- **The problem**: How many lines of the data hold the word "pose"? State the number and nothing else.

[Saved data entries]
=== Section Start ===

(* For every 3-periodic of the elliptic billiard, the interior angles $\theta^\dagger_{1,i}$ ($i=1,2,3$) of its $f_1$-inversive triangle satisfy $$\sum_{i=1}^3\cos\theta^\dagger_{1,i}=\frac{\delta\,(a^2+c^2-\delta)}{a^2c^2},\qquad \delta=\sqrt{a^4-a^2b^2+b^4}.$$
   Context: The elliptic billiard is $\mathcal{E}: x^2/a^2+y^2/b^2=1$, $a>b>0$, $c=\sqrt{a^2-b^2}$, with focus $f_1=(-c,0)$. A 3-periodic is a triangle $P_1P_2P_3$ inscribed in $\mathcal{E}$ that is a closed billiard trajectory (at each vertex the normal to $\mathcal{E}$ bisects the angle between the two incident sides). The $f_1$-inversive triangle has vertices $P^\dagger_{1,i}=f_1+\rho^2\,(P_i-f_1)/|P_i-f_1|^2$, the inversions of the $P_i$ in a circle of radius $\rho>0$ centered at $f_1$ (its angles do not depend on $\rho$). *)

From Stdlib Require Import Reals Lra.
Open Scope R_scope.

Definition pt := (R * R)%type.

Definition vsub (p q : pt) : pt := (fst p - fst q, snd p - snd q).
Definition dot (u v : pt) : R := fst u * fst v + snd u * snd v.
Definition cross (u v : pt) : R := fst u * snd v - snd u * fst v.
Definition vnorm (u : pt) : R := sqrt (dot u u).
Definition vscale (k : R) (u : pt) : pt := (k * fst u, k * snd u).
Definition vadd (u v : pt) : pt := (fst u + fst v, snd u + snd v).
Definition unitv (u : pt) : pt := vscale (/ vnorm u) u.

Definition on_ellipse (a b : R) (p : pt) : Prop :=
  (fst p)^2 / a^2 + (snd p)^2 / b^2 = 1.

Definition ell_normal (a b : R) (p : pt) : pt := (fst p / a^2, snd p / b^2).

(* Billiard reflection at vertex p with neighbours q, r: the normal line at p
   bisects the angle q p r, i.e. the sum of the unit vectors along the two
   incident sides is parallel to the normal. *)
Definition bisects_normal (a b : R) (q p r : pt) : Prop :=
  cross (vadd (unitv (vsub q p)) (unitv (vsub r p))) (ell_normal a b p) = 0.

Definition three_periodic (a b : R) (P1 P2 P3 : pt) : Prop :=
  on_ellipse a b P1 /\ on_ellipse a b P2 /\ on_ellipse a b P3 /\
  P1 <> P2 /\ P2 <> P3 /\ P3 <> P1 /\
  bisects_normal a b P3 P1 P2 /\
  bisects_normal a b P1 P2 P3 /\
  bisects_normal a b P2 P3 P1.

Definition invert (f : pt) (rho : R) (p : pt) : pt :=
  vadd f (vscale (rho^2 / (dot (vsub p f) (vsub p f))) (vsub p f)).

Definition angle_at (q p r : pt) : R :=
  acos (dot (vsub q p) (vsub r p) / (vnorm (vsub q p) * vnorm (vsub r p))).

From Stdlib Require Import Reals Lra Nsatz.
Open Scope R_scope.

(* Vertices are written in eccentric-angle form P_i = (a C_i, b S_i) with C_i^2 + S_i^2 = 1.  For
   two vertices let gap_ij = 1 - cos(t_i - t_j) and weight_ij = a^2 (1 - cos(t_i + t_j))
   + b^2 (1 + cos(t_i + t_j)), so that |P_i P_j|^2 = gap_ij weight_ij.

   1. Reflection law.  A side through P_i makes an angle with the normal at P_i whose squared
      cosine is gap/weight, so the reflection law equates gap/weight on the two sides at P_i.
      Hence lam weight_ij = a^2 b^2 gap_ij for a single lam > 0: all three sides touch the
      confocal conic with parameter lam (the caustic).
   2. Cayley's condition.  For a triangle on the unit circle whose sides satisfy one bilinear
      tangency relation, its coefficients satisfy a quadratic relation.  This determines
      lam = a^2 b^2 (2 delta - a^2 - b^2)/c^4, and the caustic semi-axis al = sqrt(a^2 - lam)
      equals a (delta - b^2)/c^2.
   3. Inversion about f1 = (-c, 0) maps |P_i P_j| to rho^2 |P_i P_j|/(r_i r_j), with focal radii
      r_i = a + c C_i.  By step 1 the inversive triangle has sides proportional to
      L_k = gap_ij r_k ({i, j, k} = {1, 2, 3}).
   4. Vertex identities.  The tangency relation is linear in the second vertex, so the other two
      vertices are the intersections of a line with the unit circle.  Eliminating them gives
      cos theta_i = (a (a - c C_i) - lam)/(al (a - c C_i)), and sum_i 1/(a - c C_i) is an
      explicit constant.
   5. Summing the three cosines and substituting lam and al yields the closed form. *)

Ltac nsatz_pow := cbn [pow] in *; nsatz.

Lemma ellipse_param (a b x y : R) : 0 < a -> 0 < b -> x^2/a^2 + y^2/b^2 = 1 ->
  exists C S, x = a*C /\ y = b*S /\ C^2 + S^2 = 1.
Proof.
  intros Ha Hb H. exists (x/a), (y/b).
  split; [field; lra|]. split; [field; lra|].
  rewrite <- H. field. split; lra.
Qed.

(* For (C_i, S_i) = (cos t_i, sin t_i): gap = 1 - cos(t_i - t_j) and
   weight = a^2 (1 - cos(t_i + t_j)) + b^2 (1 + cos(t_i + t_j)). *)
Definition gap (Ci Si Cj Sj : R) : R := 1 - (Ci*Cj + Si*Sj).
Definition weight (a b Ci Si Cj Sj : R) : R :=
  a^2*(1 - (Ci*Cj - Si*Sj)) + b^2*(1 + (Ci*Cj - Si*Sj)).

Lemma gap_sym (Ci Si Cj Sj : R) : gap Ci Si Cj Sj = gap Cj Sj Ci Si.
Proof. unfold gap. ring. Qed.

Lemma weight_sym (a b Ci Si Cj Sj : R) : weight a b Ci Si Cj Sj = weight a b Cj Sj Ci Si.
Proof. unfold weight. ring. Qed.

(* Twice the gap is the squared distance of the parameters, so distinct parameters have
   positive gap. *)
Lemma gap_pos (Ci Si Cj Sj : R) : Ci^2 + Si^2 = 1 -> Cj^2 + Sj^2 = 1 ->
  (Ci, Si) <> (Cj, Sj) -> 0 < gap Ci Si Cj Sj.
Proof.
  intros Hi Hj Hneq.
  assert (Hcirc : 2 * gap Ci Si Cj Sj = (Cj - Ci)^2 + (Sj - Si)^2) by (unfold gap; nra).
  destruct (Rlt_or_le 0 (gap Ci Si Cj Sj)) as [|Hle]; [assumption|].
  pose proof (pow2_ge_0 (Cj - Ci)). pose proof (pow2_ge_0 (Sj - Si)).
  exfalso. apply Hneq. f_equal; nra.
Qed.

(* The weight is a convex combination of 2 a^2 and 2 b^2, since |cos(t_i + t_j)| <= 1. *)
Lemma weight_pos (a b Ci Si Cj Sj : R) : 0 < a -> 0 < b ->
  Ci^2 + Si^2 = 1 -> Cj^2 + Sj^2 = 1 -> 0 < weight a b Ci Si Cj Sj.
Proof.
  intros Ha Hb Hi Hj. unfold weight.
  set (x := Ci*Cj - Si*Sj).
  assert (Hx : x^2 + (Ci*Sj + Si*Cj)^2 = 1) by (unfold x; nsatz_pow).
  pose proof (pow2_ge_0 (Ci*Sj + Si*Cj)).
  assert (0 <= 1 - x /\ 0 <= 1 + x) as [Hl Hr] by (split; nra).
  assert (0 < a^2 /\ 0 < b^2) as [Ha2 Hb2] by (split; apply pow_lt; lra).
  destruct (Rle_or_lt x 0); nra.
Qed.

Lemma chord_sq (a b Ci Si Cj Sj : R) : Ci^2 + Si^2 = 1 -> Cj^2 + Sj^2 = 1 ->
  dot (vsub (a*Cj, b*Sj) (a*Ci, b*Si)) (vsub (a*Cj, b*Sj) (a*Ci, b*Si))
  = gap Ci Si Cj Sj * weight a b Ci Si Cj Sj.
Proof. unfold dot, vsub, gap, weight. cbn [fst snd]. intros. nsatz_pow. Qed.

Lemma chord_normal (a b Ci Si Cj Sj : R) : 0 < a -> 0 < b -> Ci^2 + Si^2 = 1 ->
  dot (vsub (a*Cj, b*Sj) (a*Ci, b*Si)) (ell_normal a b (a*Ci, b*Si)) = - gap Ci Si Cj Sj.
Proof.
  unfold dot, vsub, ell_normal, gap. cbn [fst snd]. intros Ha Hb Hi.
  transitivity (Ci*Cj + Si*Sj - (Ci^2 + Si^2)); [field; lra | rewrite Hi; ring].
Qed.

Lemma bisector_equal_angles (u w n : pt) : dot u u = 1 -> dot w w = 1 ->
  cross (vadd u w) n = 0 -> (dot u n)^2 = (dot w n)^2.
Proof.
  destruct u as [u1 u2], w as [w1 w2], n as [n1 n2].
  unfold dot, cross, vadd. cbn [fst snd]. intros. nsatz_pow.
Qed.

Lemma unitv_dot (u n : pt) : 0 < dot u u ->
  dot (unitv u) (unitv u) = 1 /\ (dot (unitv u) n)^2 = (dot u n)^2 / dot u u.
Proof.
  intro Hu.
  assert (Hs : sqrt (dot u u) * sqrt (dot u u) = dot u u) by (apply sqrt_sqrt; lra).
  assert (Hp : 0 < sqrt (dot u u)) by (apply sqrt_lt_R0; assumption).
  unfold unitv, vnorm.
  set (r := sqrt (dot u u)) in *. clearbody r.
  destruct u as [u1 u2], n as [n1 n2].
  unfold vscale, dot in *. cbn [fst snd] in *.
  split.
  - transitivity ((u1*u1 + u2*u2) / (r*r)); [field; lra | rewrite Hs; field; lra].
  - transitivity ((u1*n1 + u2*n2)^2 / (r*r)); [field; lra | rewrite Hs; reflexivity].
Qed.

=== Section End ===

- **Task output**: 2